What's on at the Tropic
by Phil Mann
Okay, sport fans, your time has come. For the first time in living memory, the Tropic is opening two new sports movies in one week. Awesome. Suit up and leave the sports bars behind, I'd say. These are both football movies, America's favorite!
Except, darn it, we're talking about armor-less football --rugby and soccer , so you'll have to expand your horizons somewhat. But the timeless, sport-transcending subjects remain the same.
INVICTUS is the latest from that most American of directors, Clint Eastwood, but the setting is South Africa in 1995, just as Nelson Mandela (Morgan Freeman) is elected as the first President in the now apartheid-free country. Looking for a healing symbol that might unite the nation, he seizes on the Springboks, the national rugby team beloved by whites and despised by blacks when it was a symbol of white supremacy. But if he can make it a symbol of triumphant unity.....
The key is the Afrikaner team captain Francois Pienaar (Matt Damon). He must be converted to the cause, and, more difficult, to make it work against the hated, and usually victorious, New Zealand squad, for the World Cup. It's a down-under donnybrook, with the spirit of a new nation hanging in the balance.
It's all a true story. When I told a local South African friend the movie was coming, he went teary, telling how he had sat rapt at the TV as the final match unfolded.
Did I say "irresistible?" You don't have to be South African to be captivated.
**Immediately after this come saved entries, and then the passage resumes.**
(* Fix $\omega>0$. For every $s\in\mathbb Z$, the reflection $(B,A)\mapsto(B,-A)$ maps each of the curves $\partial L_{s,+}$, $\partial L_{s,-}$ to itself if $s$ is even, and interchanges $\partial L_{s,+}$ and $\partial L_{s,-}$ if $s$ is odd. In particular, for every even $s$ the curves $\partial L_{s,\pm}$ are orthogonal to the $B$-axis at the growth point of $L_s$. The reflection $(B,A)\mapsto(-B,A)$ maps $\partial L_{s,\pm}$ onto $\partial L_{-s,\mp}$ for even $s$, and maps $\partial L_{s,\pm}$ onto $\partial L_{-s,\pm}$ for odd $s$.
   Context: For $(B,A)\in\mathbb R^2$ consider $\frac{d\varphi}{dt}=-\sin\varphi+B+A\cos\omega t$; with $\tau=\omega t$, $l=B/\omega$, $\mu=A/(2\omega)$ this gives the vector field $\dot\varphi=-\frac{\sin\varphi}{\omega}+l+2\mu\cos\tau$, $\dot\tau=1$ on the torus $\mathbb R^2/2\pi\mathbb Z^2$ with coordinates $(\varphi,\tau)$. The rotation number is $\rho(B,A;\omega)=\lim_{k\to+\infty}\varphi(2\pi k)/(2\pi k)$; for $s\in\mathbb Z$, $L_s=\{\rho=s\}\subset\mathbb R^2_{(B,A)}$ is the phase-lock area. The Poincaré map $h_{(B,A)}$ is the time-$2\pi$ flow map on the circle $\{\tau=0\}$. $\partial L_{s,\pm}$ denotes the set of points of $L_s$ at which $h_{(B,A)}$ fixes $\pm\frac\pi2\pmod{2\pi}$; it is known that $\partial L_s=\partial L_{s,+}\cup\partial L_{s,-}$ and each $\partial L_{s,\pm}$ is the graph of an analytic function $B=g_{s,\pm}(A)$. The growth point of $L_s$ is its intersection point with the $B$-axis $\{A=0\}$. *)

From Stdlib Require Import Reals ZArith Lra.
From Coquelicot Require Import Coquelicot.
Open Scope R_scope.

(* The vector field on the torus in the time tau = omega t:
   dphi/dtau = - sin phi / omega + l + 2 mu cos tau,
   with l = B / omega and mu = A / (2 omega). *)
Definition field (omega B A : R) (phi tau : R) : R :=
  - sin phi / omega + B / omega + 2 * (A / (2 * omega)) * cos tau.

(* A (global) solution phi : R -> R of the equation (lift to R of the
   phi-coordinate, parametrized by tau). *)
Definition is_solution (omega B A : R) (phi : R -> R) : Prop :=
  forall tau : R, is_derive phi tau (field omega B A (phi tau) tau).

Definition rotation_number_is (omega B A r : R) : Prop :=
  (exists phi, is_solution omega B A phi) /\
  forall phi, is_solution omega B A phi ->
    is_lim_seq (fun k : nat => phi (2 * PI * INR k) / (2 * PI * INR k)) r.
(* Assume $\langle f\rangle_X=0$ and that $\psi$ satisfies (A1) and (A2), let $u^H$ be the solution of the HQC problem and $u^{H,c}$ its reconstruction. Then for every $k$ and every $X_i\in S_k$, \[ u^{H,c}(X_i)=u^H(X_i)+\epsilon\,\chi(X_{i_k^{\rm coll}},X_i/\epsilon)\,Du^H(X_i). \]
   Context: Let $\epsilon>0$, $N,p$ positive integers, $N\epsilon=1$; $X_i=\epsilon i$, $Y_j=j$. $U^N_{\rm per}(\epsilon\mathbb Z)$: functions $u:\epsilon\mathbb Z\to\mathbb R$ with $u(X_{i+N})=u(X_i)$; $U^N_\#(\epsilon\mathbb Z)$: those with $\langle u\rangle_X:=\frac1N\sum_{i=1}^Nu(X_i)=0$. $\langle u,v\rangle_X=\frac1N\sum_{i=1}^Nu(X_i)v(X_i)$, $Du(X_i)=(u(X_{i+1})-u(X_i))/\epsilon$. $U^p_\#(\epsilon\mathbb Z)$: $p$-periodic functions on $\epsilon\mathbb Z$ with $\sum_{i=1}^pw(X_i)=0$. Two-scale functions $g:\epsilon\mathbb Z\times\mathbb Z\to\mathbb R$ satisfy $g(X_{i+N},Y_j)=g(X_i,Y_j)=g(X_i,Y_{j+p})$; $D_Xg(X_i,Y_j)=(g(X_{i+1},Y_j)-g(X_i,Y_j))/\epsilon$, $D_Yg(X_i,Y_j)=g(X_i,Y_{j+1})-g(X_i,Y_j)$, $\|g\|_{L^\infty(N,p)}=\max_{1\le i\le N,1\le j\le p}|g|$. $\psi$ is a two-scale function with (A1) $0<c_\psi\le\psi\le C_\psi$ and (A2) $\|D_X\psi\|_{L^\infty(N,p)}\le C'_\psi$. The cell solution $\chi$ is the two-scale function with $\frac1p\sum_{j=1}^p\chi(X_i,Y_j)=0$ and $-D_Y(\psi D_Y\chi)=D_Y\psi$ everywhere. $f\in U^N_{\rm per}(\epsilon\mathbb Z)$. HQC method: indices $1=i_1<\dots<i_K\le N$, $i_{K+1}=N+1$, $S_k=\{X_i:i_k\le i<i_{k+1}\}$, $H_k=\epsilon(i_{k+1}-i_k)$. $U^H_{\rm per}$: $v\in U^N_{\rm per}(\epsilon\mathbb Z)$ affine on each $\{X_i:i_k\le i\le i_{k+1}\}$; $U^H_\#=U^H_{\rm per}\cap U^N_\#(\epsilon\mathbb Z)$. Sampling domains $S_k^{\rm rep}=\{X_i:i_k^{\rm rep}\le i<i_k^{\rm rep}+p\}\subset S_k$, collocation indices with $X_{i_k^{\rm coll}}\in S_k^{\rm rep}$, $\psi^\epsilon_{{\rm coll},k}(X_i)=\psi(X_{i_k^{\rm coll}},X_i/\epsilon)$, $\langle a,b\rangle_{S_k^{\rm rep}}=\frac1p\sum_{X_i\in S_k^{\rm rep}}a(X_i)b(X_i)$. For $v^H\in U^H_{\rm per}$ let $\ell_k$ be the affine function on $\epsilon\mathbb Z$ equal to $v^H$ on $S_k$; $\mathcal R_k(v^H)=\ell_k+w_k$ with $w_k\in U^p_\#(\epsilon\mathbb Z)$ such that $\langle\psi^\epsilon_{{\rm coll},k}D(\ell_k+w_k),Ds\rangle_{S_k^{\rm rep}}=0$ for all $s\in U^p_\#(\epsilon\mathbb Z)$. HQC problem: $u^H\in U^H_\#$ with $\sum_{k=1}^KH_k\langle\psi^\epsilon_{{\rm coll},k}D\mathcal R_k(u^H),D\mathcal R_k(v^H)\rangle_{S_k^{\rm rep}}=\langle f,v^H\rangle_X$ for all $v^H\in U^H_\#$. The reconstruction is $u^{H,c}(X_i)=u^H(X_i)+w_k(X_i)$ for $X_i\in S_k$, with $w_k=\mathcal R_k(u^H)-\ell_k$ computed for $u^H$. *)

(* Indices: a function u on eps*Z is represented by
   u : int -> R with u i = u(X_i); a two-scale function g by
   g : int -> int -> R with g i j = g(X_i, Y_j). Since Y_j = j and
   X_i / eps = i, psi(X_a, X_i/eps) is  psi a i. *)
From mathcomp Require Import all_boot all_order all_algebra.
Set Implicit Arguments. Unset Strict Implicit. Unset Printing Implicit Defensive.
Import Order.TTheory GRing.Theory Num.Theory.
Local Open Scope ring_scope.

Definition eps {R : realFieldType} (N : nat) : R := (N%:R)^-1.

Definition Dd {R : realFieldType} (N : nat) (u : int -> R) (i : int) : R :=
  (u (i + 1) - u i) / eps N.

Definition periodic {R : realFieldType} (n : nat) (u : int -> R) : Prop :=
  forall i : int, u (i + n%:Z) = u i.

Definition meanX {R : realFieldType} (N : nat) (u : int -> R) : R :=
  (N%:R)^-1 * \sum_(m < N) u (m.+1)%:Z.

Definition innerX {R : realFieldType} (N : nat) (u v : int -> R) : R :=
  (N%:R)^-1 * \sum_(m < N) u (m.+1)%:Z * v (m.+1)%:Z.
THE DAMNED UNITED is not so uplifting. Another true story, this one based on the legendary downfall of a storied soccer manager. When Brian Clough (Michael Sheen) moved up from successfully manging a minor league team to the same job at top level United Leeds, he went from being a victorious leader to being a one man wrecking crew. His brief tenure at United is still infamously known to UK fans as "the 44-days."
Sheen, whose last two roles have been as the TV interviewer David Frost (Frost/Nixon) and Prime Minister Tony Blair (The Queen) again manages to marvelously inhabit his role.
Don't worry that the movie's sport is soccer, says Salon.com, "If you simply start watching it without prejudice you'll have a ridiculously good time."
35 SHOTS OF RUM has nothing to do with sport. Rather it is one of those small gems that can make French films such treasures. From director Claire Denis (Chocolat), it's the story of Lionel, a French-African metro train driver and his college-student daughter Josephine, who share an apartment. The movie takes us into a world of middle class housing and life that is worlds apart from the elegance that so often dominates French filmmaking.
Lionel and Josephine lead a comfortable middle-class existence, but life is not simple, as each attempts to develop a relationship outside the home, leading to tension within. The pacing is French, but this is a film to savor, with fully-developed, fascinating characters.You'll be sorry to see them fade away just because the movie is over.
Rounding out the feature film program are continuing runs of the DiNiro vehicle EVERYBODY'S FINE, and the incredibly popular PIRATE RADIO, going into its fourth rocking week.
And there are three Christmas treats to celebrate the season.
-- Each afternoon all week long, there's a special matinee of Disney's new animated A CHRISTMAS CAROL.
-- On Sunday only, at 1:00pm, you can catch an encore performance of the classic NUTCRACKER performed at the Mariinsky Theater in Russia.
-- On Monday evening, the weekly classic movie is the romantic comedy CHRISTMAS IN CONNECTICUT (1945) starring Barbara Stanwyck and Sydney Greenstreet.
Fa, la, la, and get ready for Fantastic Mr. Fox and Precious, both coming for the holiday season.